Segment Open

Lemma dot_young c u w : 2 * c * dot u w <= norm2 u ^+ 2 + c ^+ 2 * norm2 w ^+ 2.
Proof.
have := dot_ge0 (u - c *: w).
by rewrite dotBl !dotBr !dotZl !dotZr (dotC w u) -!norm2_sqr; lra.
Qed.

Lemma dot_le_lipschitz {L u w} :
  0 < L -> norm2 u <= L * norm2 w -> dot u w <= L * norm2 w ^+ 2.
Proof.
move=> L0 uw; have := dot_young L u w.
have : norm2 u ^+ 2 <= L ^+ 2 * norm2 w ^+ 2.
  by have := norm2_ge0 u; rewrite -exprMn; nra.
nra.
Qed.

End InnerProduct.

Section ConvexHull.
Context {R : realType} {n : nat} {A : set 'rV[R]_n}.

Lemma conv_hull_sub : A `<=` conv_hull A.
Proof.
move=> a Aa; exists 1%N, (fun=> 1), (fun=> a).
by rewrite !big_ord1 scale1r; split=> //; rewrite ler01.
Qed.

Lemma lmo_conv_hull {g w u} : lmo A g w -> conv_hull A u -> dot g w <= dot g u.
Proof.
move=> [_ wmin] [k [c [p [c0 [c1 [Ap ->]]]]]].
rewrite dot_sumr -[dot g w]mul1r -c1 mulr_suml.
by apply: ler_sum => i _; apply: ler_wpM2l => //; apply: wmin.
Qed.

Lemma strongly_convex_set_convex alpha (X : set 'rV[R]_n) rho y z :
  strongly_convex_set alpha X -> 0 <= rho <= 1 -> X y -> X z ->
  X (rho *: y + (1 - rho) *: z).
Proof.
move=> sX rho01 Xy Xz; have := sX rho y z 0 rho01 Xy Xz.
by rewrite norm2_0 scaler0 addr0; apply; rewrite ler01.
Qed.

(* The midpoint of [y, w], pushed by alpha |y - w|^2 / 8 against the direction
   of g, stays in the hull; comparing it with the LMO answer w gives the bound. *)
Lemma lmo_gap_strongly_convex alpha g y w :
  strongly_convex_set alpha (conv_hull A) -> conv_hull A y -> lmo A g w ->
  alpha / 4 * norm2 g * norm2 (y - w) ^+ 2 <= dot g (y - w).
Proof.
move=> sX Xy lmow.
have [->|g0] := eqVneq g 0; first by rewrite norm2_0 mulr0 mul0r dotC dot0r.
have gpos : 0 < norm2 g by rewrite lt_def norm2_eq0 g0 norm2_ge0.
have z1 : norm2 (- (norm2 g)^-1 *: g) <= 1.
  by rewrite norm2Z normrN ger0_norm ?invr_ge0 ?norm2_ge0 // mulVf ?gt_eqF.
have half01 : 0 <= (2^-1 : R) <= 1 by apply/andP; split; lra.
have := lmo_conv_hull lmow (sX 2^-1 y w _ half01 Xy (conv_hull_sub _ lmow.1) z1).
rewrite !dotDr !dotZr mulNr -norm2_sqr.
have -> : (norm2 g)^-1 * norm2 g ^+ 2 = norm2 g by rewrite expr2 mulKf ?gt_eqF.
rewrite dotNr; nra.
Qed.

Segment Closed

DIRECTIONS: Write the entries out once more, exactly, without dropping a line.

YOUR RESPONSE:
Lemma dot_young c u w : 2 * c * dot u w <= norm2 u ^+ 2 + c ^+ 2 * norm2 w ^+ 2.
Proof.
have := dot_ge0 (u - c *: w).
by rewrite dotBl !dotBr !dotZl !dotZr (dotC w u) -!norm2_sqr; lra.
Qed.

Lemma dot_le_lipschitz {L u w} :
  0 < L -> norm2 u <= L * norm2 w -> dot u w <= L * norm2 w ^+ 2.
Proof.
move=> L0 uw; have := dot_young L u w.
have : norm2 u ^+ 2 <= L ^+ 2 * norm2 w ^+ 2.
  by have := norm2_ge0 u; rewrite -exprMn; nra.
nra.
Qed.

End InnerProduct.

Section ConvexHull.
Context {R : realType} {n : nat} {A : set 'rV[R]_n}.

Lemma conv_hull_sub : A `<=` conv_hull A.
Proof.
move=> a Aa; exists 1%N, (fun=> 1), (fun=> a).
by rewrite !big_ord1 scale1r; split=> //; rewrite ler01.
Qed.

Lemma lmo_conv_hull {g w u} : lmo A g w -> conv_hull A u -> dot g w <= dot g u.
Proof.
move=> [_ wmin] [k [c [p [c0 [c1 [Ap ->]]]]]].
rewrite dot_sumr -[dot g w]mul1r -c1 mulr_suml.
by apply: ler_sum => i _; apply: ler_wpM2l => //; apply: wmin.
Qed.

Lemma strongly_convex_set_convex alpha (X : set 'rV[R]_n) rho y z :
  strongly_convex_set alpha X -> 0 <= rho <= 1 -> X y -> X z ->
  X (rho *: y + (1 - rho) *: z).
Proof.
move=> sX rho01 Xy Xz; have := sX rho y z 0 rho01 Xy Xz.
by rewrite norm2_0 scaler0 addr0; apply; rewrite ler01.
Qed.

(* The midpoint of [y, w], pushed by alpha |y - w|^2 / 8 against the direction
   of g, stays in the hull; comparing it with the LMO answer w gives the bound. *)
Lemma lmo_gap_strongly_convex alpha g y w :
  strongly_convex_set alpha (conv_hull A) -> conv_hull A y -> lmo A g w ->
  alpha / 4 * norm2 g * norm2 (y - w) ^+ 2 <= dot g (y - w).
Proof.
move=> sX Xy lmow.
have [->|g0] := eqVneq g 0; first by rewrite norm2_0 mulr0 mul0r dotC dot0r.
have gpos : 0 < norm2 g by rewrite lt_def norm2_eq0 g0 norm2_ge0.
have z1 : norm2 (- (norm2 g)^-1 *: g) <= 1.
  by rewrite norm2Z normrN ger0_norm ?invr_ge0 ?norm2_ge0 // mulVf ?gt_eqF.
have half01 : 0 <= (2^-1 : R) <= 1 by apply/andP; split; lra.
have := lmo_conv_hull lmow (sX 2^-1 y w _ half01 Xy (conv_hull_sub _ lmow.1) z1).
rewrite !dotDr !dotZr mulNr -norm2_sqr.
have -> : (norm2 g)^-1 * norm2 g ^+ 2 = norm2 g by rewrite expr2 mulKf ?gt_eqF.
rewrite dotNr; nra.
Qed.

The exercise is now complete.